▶ **DATASET EXCERPTS**

------------------------------

Definition nu_rat (p : nat) (q : rat) : int :=
  (logn p `|numq q|%N)%:Z - (logn p `|denq q|%N)%:Z.

Definition diag_cubic (r : nat) (a : 'I_r -> int) (x : 'I_r -> int) : int :=
  \sum_(i < r) a i * x i ^+ 3.

Definition ratio_set (r : nat) (F : ('I_r -> int) -> int) (z : rat) : Prop :=
  exists x y : 'I_r -> int, F y != 0 /\ z = (F x)%:~R / (F y)%:~R.

(* Since Q is dense
   in Q_p, this holds iff every rational q is a p-adic limit of points of S:
   for every q and every n there is s in S with |s - q|_p <= p^(-n). *)
Definition padic_dense (p : nat) (S : rat -> Prop) : Prop :=
  forall (q : rat) (n : nat), exists s : rat,
    S s /\ (s = q \/ (n%:Z <= nu_rat p (s - q))%R).

From mathcomp Require Import all_boot all_order all_algebra fingroup cyclic.
From mathcomp Require Import zify ring.
Set Implicit Arguments. Unset Strict Implicit. Unset Printing Implicit Defensive.
Import Order.TTheory GRing.Theory Num.Theory.
Local Open Scope ring_scope.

------------------------------

▶ **GOAL OF THE EXERCISE**
Exact copies of the line containing "Definition ratio_set (r" and of every line after it through the end of the entries are all that should be output.

▶ **TASK RESPONSE**
Definition ratio_set (r : nat) (F : ('I_r -> int) -> int) (z : rat) : Prop :=
  exists x y : 'I_r -> int, F y != 0 /\ z = (F x)%:~R / (F y)%:~R.

(* Since Q is dense
   in Q_p, this holds iff every rational q is a p-adic limit of points of S:
   for every q and every n there is s in S with |s - q|_p <= p^(-n). *)
Definition padic_dense (p : nat) (S : rat -> Prop) : Prop :=
  forall (q : rat) (n : nat), exists s : rat,
    S s /\ (s = q \/ (n%:Z <= nu_rat p (s - q))%R).

From mathcomp Require Import all_boot all_order all_algebra fingroup cyclic.
From mathcomp Require Import zify ring.
Set Implicit Arguments. Unset Strict Implicit. Unset Printing Implicit Defensive.
Import Order.TTheory GRing.Theory Num.Theory.
Local Open Scope ring_scope.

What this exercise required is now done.